An n-gram language model with Laplace smoothing (Lidstone with gamma=1).

Word Segmentation#

class rustling.wordseg.LongestStringMatching(*, max_word_length: int)#

Longest string matching segmenter.

This model constructs predicted words by moving from left to right along an unsegmented sentence and finding the longest matching words, constrained by a maximum word length parameter.

fit(sents: Sequence[Sequence[str]]) None#

Train the model with the input segmented sentences.

No cleaning or preprocessing (e.g., normalizing upper/lowercase, tokenization) is performed on the training data.

Parameters:

sents – An iterable of segmented sentences (each sentence is a sequence of words).

predict(sent_strs: Sequence[str]) list[list[str]]#

Segment the given unsegmented sentences.

Parameters:

sent_strs – An iterable of unsegmented sentences.

Returns:

A list of segmented sentences.

class rustling.wordseg.RandomSegmenter(*, prob: float)#

A random segmenter.

Segmentation is predicted at random at each potential word boundary independently for a given probability. No training is required.

fit(sents: Sequence[Sequence[str]]) None#

Training is not required for RandomSegmenter.

Parameters:

sents – Unused.

Raises:

NotImplementedError – Always, since no training is needed.

predict(sent_strs: Sequence[str]) list[list[str]]#

Segment the given unsegmented sentences.

Parameters:

sent_strs – An iterable of unsegmented sentences.

Returns:

A list of segmented sentences.

Part-of-Speech Tagging#

class rustling.tagging.AveragedPerceptronTagger(*, frequency_threshold: int = 10, ambiguity_threshold: float = 0.95, n_iter: int = 5)#

A part-of-speech tagger using an averaged perceptron model.

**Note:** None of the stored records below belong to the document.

(* Let $K$ be a field of characteristic $p>0$ such that $K/k$ is a finitely generated field extension, where $k=\bigcap_{n\ge0}K^{p^n}$. Let $W_\bullet$ be a power tower on $K$, let $\mathcal{F}_i=T_{W_{i-1}/W_i}$ for $i\ge1$, and let $\mathcal{D}=\bigcup_{n\ge0}\operatorname{Diff}_{W_n}(K)$. Then for every $i\ge1$, $d(K/W_{i-1})(\mathcal{D})\cap TW_{i-1}=\mathcal{F}_i$. In particular $\mathcal{D}\cap TK=T_{K/W_1}$.
   Context: A power tower on $K$ is a sequence of subfields $W_0,W_1,\ldots$ with $W_j=W_i\cdot K^{p^j}$ whenever $j\le i$ ($\cdot$ = compositum in $K$; so $W_0=K$). For a field $F$, $TF$ is the space of derivations of $F$, $T_{F/A}$ those vanishing on a subfield $A$. For subfields $A\subseteq B$, $\operatorname{Diff}_A(B)$ is the union over $n$ of the $A$-linear maps $D:B\to B$ with $[b_0,[b_1,[\ldots,[b_n,D]\ldots]]]=0$ for all $b_i\in B$. For $k\subseteq W\subseteq K$, $d(K/W)$ sends $D\in\operatorname{Diff}_k(K)$ to its restriction $D|_W:W\to K$, an element of $\operatorname{Diff}_k(W)\otimes_W K$, identified with the $K$-span of $\iota\circ E$ ($E\in\operatorname{Diff}_k(W)$, $\iota:W\to K$ the inclusion) in $\operatorname{Hom}(W,K)$; $TW$ is viewed inside it via $E\mapsto \iota\circ E$. $d(K/K)$ is the identity. *)

From mathcomp Require Import all_boot all_algebra.
Set Implicit Arguments. Unset Strict Implicit. Unset Printing Implicit Defensive.
Import GRing.Theory.
Local Open Scope ring_scope.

This is a modified version based on the textblob-aptagger codebase (MIT license), with original implementation by Matthew Honnibal.

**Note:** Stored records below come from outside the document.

(* Let $G$ be a group and $\mathcal{B}_1,\mathcal{B}_2:G\to G$ maps, and let $a\circ b=\mathcal{B}_1(a)b\mathcal{B}_2(a)$. The following are equivalent: (i) $(G,\mathcal{B}_1,\mathcal{B}_2)$ is a Rota-Baxter system of groups; (ii) $\circ$ is associative and $\mathcal{B}_1$ is a semigroup homomorphism from $(G,\circ)$ to $(G,\cdot)$; (iii) $\circ$ is associative and $\mathcal{B}_2$ is a semigroup anti-homomorphism from $(G,\circ)$ to $(G,\cdot)$, i.e. $\mathcal{B}_2(a\circ b)=\mathcal{B}_2(b)\mathcal{B}_2(a)$.
   Context: A Rota-Baxter system of groups is a triple $(G,\mathcal{B}_1,\mathcal{B}_2)$ where $G$ is a group and $\mathcal{B}_1,\mathcal{B}_2:G\to G$ are maps such that for all $a,b\in G$: $\mathcal{B}_1(a)\mathcal{B}_1(b)=\mathcal{B}_1(\mathcal{B}_1(a)b\mathcal{B}_2(a))$ and $\mathcal{B}_2(b)\mathcal{B}_2(a)=\mathcal{B}_2(\mathcal{B}_1(a)b\mathcal{B}_2(a))$. *)

From HB Require Import structures.
From mathcomp Require Import all_boot.
From mathcomp Require Export monoid.

Set Implicit Arguments.
Unset Strict Implicit.
Unset Printing Implicit Defensive.

Local Open Scope group_scope.
Import Monoid.Theory.

Definition rbs_circ (G : groupType) (B1 B2 : G -> G) (a b : G) : G :=
  B1 a * b * B2 a.

Definition is_RB_system (G : groupType) (B1 B2 : G -> G) : Prop :=
  (forall a b : G, B1 a * B1 b = B1 (B1 a * b * B2 a)) /\
  (forall a b : G, B2 b * B2 a = B2 (B1 a * b * B2 a)).

From mathcomp Require Import all_boot.
From mathcomp Require Import monoid.

(* Both defining identities rewrite (a o b) o c and a o (b o c) into the same
   word B1(a) B1(b) c B2(b) B2(a), so either identity together with
   associativity of o yields the other: evaluating associativity at c = 1 gives
   B1(a o b) B2(a o b) = B1(a) B1(b) B2(b) B2(a), and one cancels the known
   factor on the appropriate side. *)

Local Open Scope group_scope.

Section RotaBaxterSystem.

Context {G : groupType} {B1 B2 : G -> G}.

Local Notation circ := (rbs_circ B1 B2).

Lemma rbs_circA : is_RB_system B1 B2 -> associative circ.
Proof. by case=> B1M B2M a b c; rewrite /rbs_circ -B1M -B2M !mulgA. Qed.

Lemma rbs_circA_at1 (a b : G) : circ a (circ b 1) = circ (circ a b) 1 ->
  B1 (circ a b) * B2 (circ a b) = B1 a * B1 b * B2 b * B2 a.
Proof. by rewrite /rbs_circ !mulg1 !mulgA => ->. Qed.

Lemma rbs_B2_of_B1 : associative circ ->
  (forall a b, B1 (circ a b) = B1 a * B1 b) ->
  forall a b, B2 (circ a b) = B2 b * B2 a.
Proof.
move=> circA B1M a b; have := @rbs_circA_at1 a b (circA a b 1).
by rewrite B1M -!mulgA => /mulgI/mulgI.
Qed.

Lemma rbs_B1_of_B2 : associative circ ->
  (forall a b, B2 (circ a b) = B2 b * B2 a) ->
  forall a b, B1 (circ a b) = B1 a * B1 b.
Proof.
move=> circA B2M a b; have := @rbs_circA_at1 a b (circA a b 1).
by rewrite B2M !mulgA => /mulIg/mulIg.
Qed.

End RotaBaxterSystem.

Theorem proposition3p2 (G : groupType) (B1 B2 : G -> G) :
  let circ := rbs_circ B1 B2 in
  (is_RB_system B1 B2 <->
     (associative circ /\ (forall a b : G, B1 (circ a b) = B1 a * B1 b))) /\
  (is_RB_system B1 B2 <->
     (associative circ /\ (forall a b : G, B2 (circ a b) = B2 b * B2 a))).
Proof.
move=> circ; split; split.
- by move=> RB; split; [exact: rbs_circA | case: RB => B1M _ a b; rewrite -B1M].
- move=> [circA B1M]; split=> a b; first by rewrite B1M.
  by rewrite (rbs_B2_of_B1 circA B1M a b).
- by move=> RB; split; [exact: rbs_circA | case: RB => _ B2M a b; rewrite -B2M].
- move=> [circA B2M]; split=> a b; last by rewrite B2M.
  by rewrite (rbs_B1_of_B2 circA B2M a b).
Qed.
(* Let $\varphi$ be an LDL$_F$ formula over a set of Boolean variables $X\cup Y$ ($X\cap Y=\emptyset$), and let $p,q$ be fresh Boolean variables. Let $\mathcal{G}_\varphi$ be the four-player iterated Boolean game with QPLDL$_F$ goals over $X\cup Y\cup\{p,q\}$ where Player 1 controls $X$ with goal $\gamma_1=\exists\varphi$; Player 2 controls $Y$ with goal $\gamma_2=\forall\neg\varphi$; Player 3 controls $p$ with goal $\gamma_3=\exists\varphi\vee(p\leftrightarrow q)$; Player 4 controls $q$ with goal $\gamma_4=\exists\varphi\vee\neg(p\leftrightarrow q)$. Then the synthesis problem for $\varphi$ in which the system controls $X$ and the environment controls $Y$ has a positive answer if and only if $\mathcal{G}_\varphi$ has a Nash equilibrium.
   Context: LDL$_F$ formulas over a finite set $\Phi$ of Boolean variables: $\varphi ::= p \mid \neg\varphi \mid \varphi\wedge\varphi \mid \varphi\vee\varphi \mid \langle\rho\rangle\varphi \mid [\rho]\varphi$, $\rho ::= \psi \mid \varphi? \mid \rho+\rho \mid \rho;\rho \mid \rho^*$ ($\psi$ propositional), with standard semantics over finite traces. For $\pi^\infty\in(2^\Phi)^\omega$: $\pi^\infty\models\exists\psi$ iff some finite prefix of $\pi^\infty$ satisfies $\psi$; $\pi^\infty\models\forall\psi$ iff every finite prefix satisfies $\psi$. In $\gamma_3,\gamma_4$ the disjunct $p\leftrightarrow q$ (resp. $\neg(p\leftrightarrow q)$) is evaluated on the play as an LDL$_F$ formula, i.e. it holds iff it holds in the first valuation of the play. Iterated Boolean game: players $N=\{1,\dots,n\}$, each controlling a part $\Phi_i$ of a partition of $\Phi$; strategies are finite state machines $\sigma_i=(S_i,s_i^0,\delta_i:S_i\times2^\Phi\to S_i,\tau_i:S_i\to2^{\Phi_i})$; a profile generates the play $\pi^\infty(\vec\sigma)=v_0v_1\cdots$, $v_t=\bigcup_i\tau_i(s_i^t)$, $s_i^{t+1}=\delta_i(s_i^t,v_t)$; $\vec\sigma$ is a Nash equilibrium if no player $i$ has a strategy $\sigma'_i$ with $\pi^\infty(\vec\sigma_{-i},\sigma'_i)\models\gamma_i$ and $\pi^\infty(\vec\sigma)\not\models\gamma_i$. The synthesis problem for $\varphi$ (system controls $X$, environment controls $Y$, both choosing their valuations simultaneously at each round) has a positive answer iff there is a finite-state strategy of the system (controlling $X$) such that for every finite-state strategy of the environment (controlling $Y$) the resulting infinite play has a finite prefix satisfying $\varphi$. *)

From HB Require Import structures.
From mathcomp Require Import all_boot.
From Stdlib Require Import Relations.
Set Implicit Arguments. Unset Strict Implicit. Unset Printing Implicit Defensive.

property classes: set[str]#

Get the set of POS tag classes.

Returns:

A set of all tag classes in the model.

load(path: str) None#

Load a model from a JSON file.

Parameters:

path – The path where the model, stored as a JSON file, is located.

Raises:
  • FileNotFoundError – If the file at the given path does not exist.

  • EnvironmentError – If the file cannot be read as a tagger model.

save(path: str) None#

Save the model to a JSON file.

Parameters:

path – The path where the model will be saved as a JSON file.

tag(words: Sequence[str]) list[str]#

Tag the words.

Parameters:

words – A segmented sentence or phrase, where each word is a string.

Returns:

The list of predicted tags.

property tagdict: dict[str, str]#

Get the tag dictionary.

Returns:

A dictionary mapping words to their most likely tags.

train(tagged_sents: Sequence[Sequence[tuple[str, str]]]) None#

Train a model.

Parameters:

tagged_sents – A list of segmented and tagged sentences for training. Each sentence is a sequence of (word, tag) tuples.

property weights: dict[str, dict[str, float]]#

Get the model’s weights dictionary.

Returns:

A dictionary mapping features to their weight vectors.